▸ **Supplied information**
------------------------------------

Lemma prod_delta N (i : 'I_N) (a : R) :
  \big[Rmult/1]_(t < N) (if t == i then a else 1) = a.
Proof. by rewrite -big_mkcond big_pred1_eq. Qed.

Lemma detR_det N (M : 'I_N -> 'I_N -> R) : detR M = (\det (\matrix_(i, j) M i j))%R.
Proof.
rewrite /detR /determinant; apply: eq_bigr => p _.
under [in RHS]eq_bigr do rewrite mxE.
apply: (f_equal2 Rmult) => //.
by case: (odd_perm p) => /=; rewrite ?Rmult_1_r.
Qed.

Lemma sumR_ext N (F G : 'I_N -> R) : (forall i, F i = G i) -> sumR F = sumR G.
Proof. by move=> H; apply: eq_bigr => i _. Qed.

Lemma sumR_le N (F G : 'I_N -> R) : (forall i, F i <= G i) -> sumR F <= sumR G.
Proof. by move=> H; apply: big_ind2 => // *; lra. Qed.

Lemma sumR_mull N a (F : 'I_N -> R) : sumR (fun i => a * F i) = a * sumR F.
Proof. exact: sum_mull. Qed.

Lemma sumRD N (F G : 'I_N -> R) : sumR (fun i => F i + G i) = sumR F + sumR G.
Proof. by rewrite /sumR big_split. Qed.

Lemma sumR_delta N (i : 'I_N) (f : 'I_N -> R) :
  sumR (fun t => if t == i then f t else 0) = f i.
Proof. by rewrite /sumR -big_mkcond big_pred1_eq. Qed.

Lemma sumR_if_lt (N k : nat) (a b : R) :
  sumR (fun i : 'I_N => if (i < k)%N then a else b) = INR (minn k N) * a + INR (N - k) * b.
Proof.
rewrite /sumR; elim: N => [|N IH]; first by rewrite big_ord0 /=; ring.
rewrite big_ord_recr IH; case: (ltnP N k) => h.
  have -> : minn k N.+1 = N.+1 by lia.
  have -> : (N.+1 - k = 0)%N by lia.
  have -> : (N - k = 0)%N by lia.
  by rewrite S_INR /=; ring.
have -> : minn k N.+1 = k by lia.
have -> : (N.+1 - k = (N - k).+1)%N by lia.
by rewrite S_INR /=; ring.
Qed.

Lemma sumR_if_lt_le N k (F : 'I_N -> R) c : (k <= N)%N ->
  (forall i : 'I_N, (i < k)%N -> F i <= c) ->
  sumR (fun i : 'I_N => if (i < k)%N then F i else 0) <= INR k * c.
Proof.
move=> k_le_N F_le.
apply: Rle_trans (sumR_le (G := fun i : 'I_N => if (i < k)%N then c else 0) _) _.
  by move=> i; case: ifP => hi; [exact: F_le | lra].
by rewrite sumR_if_lt (_ : minn k N = k); [lra | lia].
Qed.

Lemma sumR_update N (F G : 'I_N -> R) (m : 'I_N) :
  (forall i, i != m -> G i = F i) -> sumR G = sumR F - F m + G m.
Proof.
move=> H; rewrite /sumR (bigD1 m) //= [in RHS](bigD1 m) //=.
by rewrite (eq_bigr F) => [|i /H //]; ring.
Qed.

Lemma sumR_ge_term N (F : 'I_N -> R) (m : 'I_N) : (forall i, 0 <= F i) -> F m <= sumR F.
Proof.
move=> H; rewrite /sumR (bigD1 m) //=.
rewrite -{1}(Rplus_0_r (F m)); apply: Rplus_le_compat_l.
by apply: sum_ge0.
Qed.

Lemma In_map (A B : Type) (f : A -> B) (s : seq A) y :
  List.In y [seq f x | x <- s] -> exists x, y = f x.
Proof. by elim: s => [//|x s IH] /= [<- | /IH //]; exists x. Qed.

Lemma In_cat (A : Type) (s1 s2 : seq A) y :
  List.In y (s1 ++ s2) -> List.In y s1 \/ List.In y s2.
Proof. by elim: s1 => [|x s IH] /=; [right | case=> [<- | /IH]; [left; left | tauto]]. Qed.

Definition unit_vec N (i : 'I_N) : vec N := fun t => if t == i then 1 else 0.

Lemma is_int_unit_vec N (i t : 'I_N) : is_int (unit_vec i t).
Proof. by rewrite /unit_vec; case: ifP => _; [exact: is_int1 | exact: is_int0]. Qed.

Lemma unit_vec_sq N (i t : 'I_N) : unit_vec i t * unit_vec i t = unit_vec i t.
Proof. by rewrite /unit_vec; case: ifP => _; ring. Qed.

Lemma unit_vec_orth N (i j t : 'I_N) : i != j -> unit_vec i t * unit_vec j t = 0.
Proof.
move=> hij; rewrite /unit_vec; case: (boolP (t == i)) => [/eqP ->|_]; last ring.
by rewrite (negbTE hij); ring.
Qed.

Lemma sumR_mul_unit_vec N (f : vec N) (i : 'I_N) : sumR (fun t => f t * unit_vec i t) = f i.
Proof.
rewrite -(sumR_delta i f); apply: sumR_ext => t.
by rewrite /unit_vec; case: ifP => _; ring.
Qed.

Definition coord_scale (k i : nat) : R := if (i < k)%N then / sqrt 2 else 1.

Lemma coord_scale_sq k i : coord_scale k i * coord_scale k i = if (i < k)%N then / 2 else 1.
Proof.
rewrite /coord_scale; case: ifP => _; last ring.
by rewrite -Rinv_mult sqrt_sqrt //; lra.
Qed.

Lemma coord_scale_gt0 k i : 0 < coord_scale k i.
Proof.
rewrite /coord_scale; case: ifP => _; last lra.
by apply/Rinv_0_lt_compat/sqrt_lt_R0; lra.
Qed.

(* The basis vectors (rows) are s/sqrt 2 times 2 e_0 and e_j - e_0 (0 < j < k),
   a basis of s D_k / sqrt 2, followed by s e_j (k <= j), a basis of s Z^(N-k). *)
Definition DZ_basis (N k : nat) (s : R) : 'I_N -> vec N := fun j i =>
  s * coord_scale k i *
  (if (j : nat) == 0%N then (if (i : nat) == 0%N then 2 else 0)
   else if i == j then 1 else if ((i : nat) == 0%N) && (j < k)%N then -1 else 0).
Arguments DZ_basis : clear implicits.

Definition in_DkZ N (k : nat) (W : vec N) : Prop :=
  (forall i, is_int (W i)) /\ is_even (sumR (fun i : 'I_N => if (i < k)%N then W i else 0)).

Definition DZ_point N (k : nat) (s : R) (v : vec N) : Prop :=
  exists W, in_DkZ k W /\ forall i, v i = s * coord_scale k i * W i.

Definition DZ_cover2 (N k : nat) (s : R) : R := s * s * (INR k / 8 + INR (N - k) / 4).

Definition deep_hole (N k : nat) (s : R) : vec N := fun t => s * coord_scale k t / 2.
Arguments deep_hole : clear implicits.

Section DZLattice.

Variables (n k : nat) (s : R).
Local Notation N := n.+1.
Local Notation B := (DZ_basis N k s).

Lemma sumR_if_lt_ord0 (F : 'I_N -> R) : (0 < k)%N ->
  sumR (fun i : 'I_N => if (i < k)%N then F i else 0) =
  F ord0 + sumR (fun i : 'I_N => if (0 < i < k)%N then F i else 0).
Proof.
move=> k_gt0; rewrite /sumR (bigD1 ord0) //= [X in _ = _ + X](bigD1 ord0) //= k_gt0.
rewrite Rplus_0_l; congr (_ + _); apply: eq_bigr => i hi.
by have -> : (0 < i)%N by case: i hi => [[|i] ?].
Qed.

Lemma DZ_lattice_pt_coord (z : 'I_N -> Z) (i : 'I_N) : (i : nat) <> 0%N ->
  lattice_pt B z i = s * coord_scale k i * IZR (z i).
Proof.
move=> hi; have hi0 : ((i : nat) == 0%N) = false by apply/eqP.
rewrite /lattice_pt /sumR (bigD1 i) //= big1 => [|j hj].
  by rewrite /DZ_basis hi0 eqxx; ring.
have hij : (i == j) = false by rewrite eq_sym; exact: negbTE.
by rewrite /DZ_basis hij hi0 /=; case: ifP => _; ring.
Qed.

Lemma DZ_lattice_pt_coord0 (z : 'I_N -> Z) :
  lattice_pt B z ord0 = s * coord_scale k 0%N *
    (2 * IZR (z ord0) - sumR (fun j : 'I_N => if (0 < j < k)%N then IZR (z j) else 0)).
Proof.
rewrite /lattice_pt /sumR (bigD1 ord0) //= [X in _ = _ * (_ - X)](bigD1 ord0) //=.
rewrite (eq_bigr (fun j : 'I_N =>
    - (s * coord_scale k 0%N) * (if (0 < j < k)%N then IZR (z j) else 0))) => [|j hj].
  by rewrite sum_mull /DZ_basis /=; ring.
have hj0 : (0 < j)%N by case: j hj => [[|j] ?].
have e1 : (ord0 == j) = false by rewrite eq_sym; exact: negbTE.
have e2 : ((j : nat) == 0%N) = false by apply: negbTE; rewrite -lt0n.
by rewrite /DZ_basis e1 e2 hj0 /=; case: ifP => _; ring.
Qed.

Lemma in_DZ_latticeP (v : vec N) : (0 < k)%N -> in_lattice B v <-> DZ_point k s v.
Proof.
move=> k_gt0; split.
  case=> z Hz.
  set T := sumR (fun j : 'I_N => if (0 < j < k)%N then IZR (z j) else 0).
  have sumT : sumR (fun i : 'I_N => if (0 < i < k)%N then
      (if i == ord0 then 2 * IZR (z ord0) - T else IZR (z i)) else 0) = T.
    apply: sumR_ext => i; case: ifP => // /andP [i_gt0 _].
    by have -> : (i == ord0) = false by apply/negP => /eqP E; rewrite E in i_gt0.
  exists (fun i : 'I_N => if i == ord0 then 2 * IZR (z ord0) - T else IZR (z i)).
  split; [split|].
  - move=> i; case: ifP => _; last by exists (z i).
    apply: is_intD; first by apply: is_intM; [exists 2%Z | exists (z ord0)].
    apply/is_intN/is_int_sum => j _; case: ifP => _; [by exists (z j) | exact: is_int0].
  - exists (IZR (z ord0)); split; first by exists (z ord0).
    by rewrite sumR_if_lt_ord0 // eqxx sumT; ring.
  - move=> i; rewrite Hz; case: ifP => [/eqP -> | hi]; first exact: DZ_lattice_pt_coord0.
    by apply: DZ_lattice_pt_coord => E; move/negP: hi; apply; apply/eqP/val_inj.
case=> W [[W_int [m [m_int sumW]]] Hv].
exists (fun i : 'I_N => if i == ord0 then Z_of_int m else Z_of_int (W i)) => i.
rewrite Hv; case: (boolP (i == ord0)) => [/eqP -> | hi].
  rewrite DZ_lattice_pt_coord0 /= Z_of_intK //.
  have -> : sumR (fun j : 'I_N => if (0 < j < k)%N then
      IZR (if j == ord0 then Z_of_int m else Z_of_int (W j)) else 0) =
      sumR (fun j : 'I_N => if (0 < j < k)%N then W j else 0).
    apply: sumR_ext => j; case: ifP => // /andP [j_gt0 _].
    have -> : (j == ord0) = false by apply/negP => /eqP E; rewrite E in j_gt0.
    by rewrite Z_of_intK.
  move: sumW; rewrite sumR_if_lt_ord0 // => sumW; congr (_ * _); lra.
rewrite DZ_lattice_pt_coord ?(negbTE hi) ?Z_of_intK //.
by move=> E; move/negP: hi; apply; apply/eqP/val_inj.
Qed.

------------------------------------

▸ **Work to complete**
Starting at the line above that holds "have hij : (i" and ending at the line that holds "case=> z Hz.", transcribe each line exactly and include no other lines.

▸ **Response for this exercise**
have hij : (i == j) = false by rewrite eq_sym; exact: negbTE.
by rewrite /DZ_basis hij hi0 /=; case: ifP => _; ring.
Qed.

Lemma DZ_lattice_pt_coord0 (z : 'I_N -> Z) :
  lattice_pt B z ord0 = s * coord_scale k 0%N *
    (2 * IZR (z ord0) - sumR (fun j : 'I_N => if (0 < j < k)%N then IZR (z j) else 0)).
Proof.
rewrite /lattice_pt /sumR (bigD1 ord0) //= [X in _ = _ * (_ - X)](bigD1 ord0) //=.
rewrite (eq_bigr (fun j : 'I_N =>
    - (s * coord_scale k 0%N) * (if (0 < j < k)%N then IZR (z j) else 0))) => [|j hj].
  by rewrite sum_mull /DZ_basis /=; ring.
have hj0 : (0 < j)%N by case: j hj => [[|j] ?].
have e1 : (ord0 == j) = false by rewrite eq_sym; exact: negbTE.
have e2 : ((j : nat) == 0%N) = false by apply: negbTE; rewrite -lt0n.
by rewrite /DZ_basis e1 e2 hj0 /=; case: ifP => _; ring.
Qed.

Lemma in_DZ_latticeP (v : vec N) : (0 < k)%N -> in_lattice B v <-> DZ_point k s v.
Proof.
move=> k_gt0; split.
  case=> z Hz.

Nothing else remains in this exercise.